The run is said to be accepting just if $q_n$ is an accepting state (in $F$).

A string $w$ is said to be accepted by a finite automaton $M$ just if there is an accepting run of $M$ on $w$.

The language recognised by $M$, written $L(M)$, is the set of all strings accepted by $M$.

Further example

Let’s consider another example, with a view to getting some intuition about how to design an automaton that recognises a certain language.

Suppose, we want to recognise all strings that both contain $aa$ as a substring and have an even number of $a$.

Whenever you are tasked with designing an automaton to recognise a given language, you should first ask yourself: what should the states of the automaton be? And, to answer this question, you need to ask yourself further: if I wanted to design an algorithm that checks if a word is in this language, and my algorithm is restricted to looking at just one letter at a time (it cannot write the whole input into memory), then what does the algorithm need to remember as it executes? This will correspond to the states of the automaton.

In this case, an algorithm for checking if a string contains both $aa$ as a substring and an even number of $a$ and which proceeds one letter at a time would be as follows:

1
2
3
4
5
6
7
8
9
10
11
12
13
14
15
16
    even := true
    consecutive_as := 0

    while there is another letter to read do
         read the next letter x
         if x = a then
           even := not even
           consecutive_as := min(consecutive_as + 1, 2)
         else
           if consecutive_as = 1 then
             consecutive_as := 0

    if even = true && consecutive_aa = 2 then
      ACCEPT
    else
      REJECT

In other words, it would need to remember two things in between finishing reading in one letter and reading in the next: the parity of the number of $a$ and how far through finding the substring $aa$ it is. In the above algorithm, these were represented concretely by a Boolean variable “even” and an integer variable “consecutive_a”, but this number variable will only take on 3 values: 0, 1 and 2. In our automaton, we will have one state for each of the possible combinations of values of these variables (but we will label them with our more intuitive names from before).

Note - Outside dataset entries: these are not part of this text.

Lemma val_addKr_nat (i : 'I_n) d : (d < n)%N -> nat_of_ord (i + d%:R - i)%R = d.
Proof. by move=> lt_dn; rewrite addrAC subrr add0r Zp_nat /= modn_small. Qed.

Lemma diag_array_block a i (b : 'I_m) (s : 'I_4) :
  diag_array a i (i + (b * 4 + s)%:R) = Some (cell_value (a, b, i + (odd s)%:R, s)).
Proof.
have lt_b := ltn_ord b; have lt_s := ltn_ord s.
have lt_dk : (b * 4 + s < k)%N by lia.
rewrite /diag_array val_addKr_nat ?(leq_trans lt_dk) //.
have -> : ((b * 4 + s) %/ 4 = b)%N by lia.
have -> : ((b * 4 + s) %% 4 = s)%N by lia.
by rewrite !inord_val.
Qed.

Lemma diag_array_row_sum a i : \sum_(j < n) entry (diag_array a) i j = 0.
Proof.
rewrite (reindex_inj (addrI i)) /=.
pose F d := entry (diag_array a) i (i + d%:R).
rewrite (eq_bigr (fun d : 'I_n => F d)) => [|d _]; last by rewrite /F natr_Zp.
rewrite (sum_ord_blocks k_le_n) => [|d /andP[le_kd lt_dn]]; last first.
  by rewrite /F /entry /diag_array val_addKr_nat // ltnNge le_kd.
rewrite big1 // => b _.
rewrite (eq_bigr (fun s : 'I_4 => klein_translate t C s
          (if odd s then lab (a, b, i + 1) else lab (a, b, i)))).
  exact: klein_translate_row_sum.
move=> s _; rewrite /F /entry diag_array_block /cell_value /=.
by case: (odd s); rewrite ?addr0.
Qed.

Lemma diag_array_col_sum a j : \sum_(i < n) entry (diag_array a) i j = 0.
Proof.
rewrite (reindex_inj (subrI j)) /=.
pose F d := entry (diag_array a) (j - d%:R) (j - d%:R + d%:R).
rewrite (eq_bigr (fun d : 'I_n => F d)) => [|d _]; last by rewrite /F natr_Zp subrK.
rewrite (sum_ord_blocks k_le_n) => [|d /andP[le_kd lt_dn]]; last first.
  by rewrite /F /entry /diag_array val_addKr_nat // ltnNge le_kd.
rewrite big1 // => b _.
rewrite (eq_bigr (fun s : 'I_4 => klein_translate t C s
          (if (s < 2)%N then lab (a, b, j - (b * 4)%:R)
           else lab (a, b, j - (b * 4 + 2)%:R)))).
  exact: klein_translate_col_sum.
move=> s _; rewrite /F /entry diag_array_block /cell_value /=.
by case: s => -[|[|[|[|//]]]] lt_s /=; rewrite ?addr0 ?addnS ?subr_natS ?addn0.
Qed.

Lemma diag_array_row_card a i : #|[set j | isSome (diag_array a i j)]| = k.
Proof.
rewrite -(card_ord_lt k_le_n) -[RHS](card_preimset _ (addIr (- i))).
by apply: eq_card => j; rewrite !inE diag_array_isSome.
Qed.

Lemma diag_array_col_card a j : #|[set i | isSome (diag_array a i j)]| = k.
Proof.
rewrite -(card_ord_lt k_le_n) -[RHS](card_preimset _ (subrI j)).
by apply: eq_card => i; rewrite !inE diag_array_isSome.
Qed.

Lemma diag_array_k_diagonal a : k_diagonal k (diag_array a).
Proof.
exists ord0 => i j; rewrite diag_array_isSome.
have val_sub : nat_of_ord (j - i)%R = ((j + (n - i)) %% n)%N by rewrite /= modnDmr.
rewrite /on_diag -val_sub.
apply/idP/existsP => [lt_dk | [s]].
  by exists (Ordinal lt_dk); rewrite modn_small // (leq_trans lt_dk).
by rewrite (modn_small (leq_trans (ltn_ord s) k_le_n)) => /eqP->.
Qed.

Definition cell_of (u : 'I_c * 'I_m * 'I_n * 'I_4) : 'I_c * ('I_n * 'I_n) :=
  let: (a, b, x, s) := u in
  (a, (x - (odd s)%:R, x - (odd s)%:R + (b * 4 + s)%:R)).

Lemma diag_array_cell_of u :
  diag_array (cell_of u).1 (cell_of u).2.1 (cell_of u).2.2 = Some (cell_value u).
Proof. by case: u => [[[a b] x] s]; rewrite /= diag_array_block subrK. Qed.

Lemma diag_array_SomeP a i j v :
  diag_array a i j = Some v -> exists u, cell_of u = (a, (i, j)) /\ cell_value u = v.
Proof.
rewrite /diag_array; set d := nat_of_ord (j - i)%R; case: ifP => // lt_dk [<-].
exists (a, inord (d %/ 4), i + (odd (d %% 4))%:R, inord (d %% 4)); split=> //=.
have lt_s : (d %% 4 < 4)%N by rewrite ltn_mod.
have lt_b : (d %/ 4 < m)%N by rewrite ltn_divLR.
by rewrite !inordK // -divn_eq addrK /d natr_Zp subrKC.
Qed.

Lemma diag_array_value_once v :
  #|[set p : 'I_c * ('I_n * 'I_n) | diag_array p.1 p.2.1 p.2.2 == Some v]| = 1%N.
Proof.
have [cell_pos valK posK] := cell_value_bij.
rewrite (_ : [set p | _] = [set cell_of (cell_pos v)]) ?cards1 //.
apply/setP=> p; rewrite !inE; apply/eqP/eqP => [|->].
  by case: p => a [i j] /diag_array_SomeP[u [<- <-]]; rewrite valK.
by rewrite diag_array_cell_of posK.
Qed.

Lemma diag_array_MS : diagonal_MS k diag_array.
Proof.
split; last exact: diag_array_k_diagonal.
split; [exact: diag_array_value_once | exact: diag_array_row_card
  | exact: diag_array_col_card | exact: diag_array_row_sum | exact: diag_array_col_sum].
Qed.

End DiagonalArrays.

Theorem mainTheorem9 (n k c : nat) :
  (4 <= k)%N -> (k <= n)%N -> (k %% 4 = 0)%N -> (1 <= c)%N ->
  forall G : finZmodType, in_classG G -> #|G| = (n * k * c)%N ->
  exists A : 'I_c -> pfarray G n, diagonal_MS k A.
Proof.
move=> le_4k le_kn k_mod4 _ G classG cardG.
have [m' k_eq] : exists m', k = (m'.+1 * 4)%N.
  by exists (k %/ 4).-1; rewrite prednK ?divn_gt0 // {1}(divn_eq k 4) k_mod4 addn0.
have [n' n_eq] : exists n', n = n'.+2 by exists n.-2; lia.
subst k n.
have two_inv : (1 < #|order2_elems G|)%N.
  by case: classG => //; rewrite cardG !oddM /= !andbF.
have [t [C [S [avS cardS]]]] := exists_klein_kernel (four_card_doubles_le two_inv).
have cardT : #|{: 'I_c * 'I_m'.+1 * 'I_n'.+2}| = #|S|.
  by rewrite !card_prod !card_ord; move: cardS; rewrite cardG; nia.
pose lab u := enum_val (cast_ord cardT (enum_rank u)).
exists (diag_array t C lab); apply: diag_array_MS => //.
apply: inj_card_bij => [[u s] [v s']|].
  case/(klein_translate_inj avS (enum_valP _) (enum_valP _)) => /= -> .
  by move/enum_val_inj/cast_ord_inj/enum_rank_inj->.
by rewrite card_prod cardT card_ord mulnC cardS.
Qed.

The idea is that, e.g. the state (even,a_) is the state of the automaton after it has read in an even number of a and it has so far seen one consecutive a. Hence, if it sees another a in this state, it will transition to (odd, aa) because it will now have seen an odd number of a and it will have seen two consecutive a. It has one accepting state, which is the state (even,aa), because the idea is that the automaton reaches that state only after reading in an even number of a and after seeing two a consecutively.

However, note that the way you label the states has no effect on the computation, there is nothing in the definition of accepting run that asks you to “look inside” a state or see what it is “named”. How you choose to name your states (which objects you choose to represent your states) is purely a way to help reader understand what is the key idea of your automaton (and it will help you a lot when you design a finite automaton).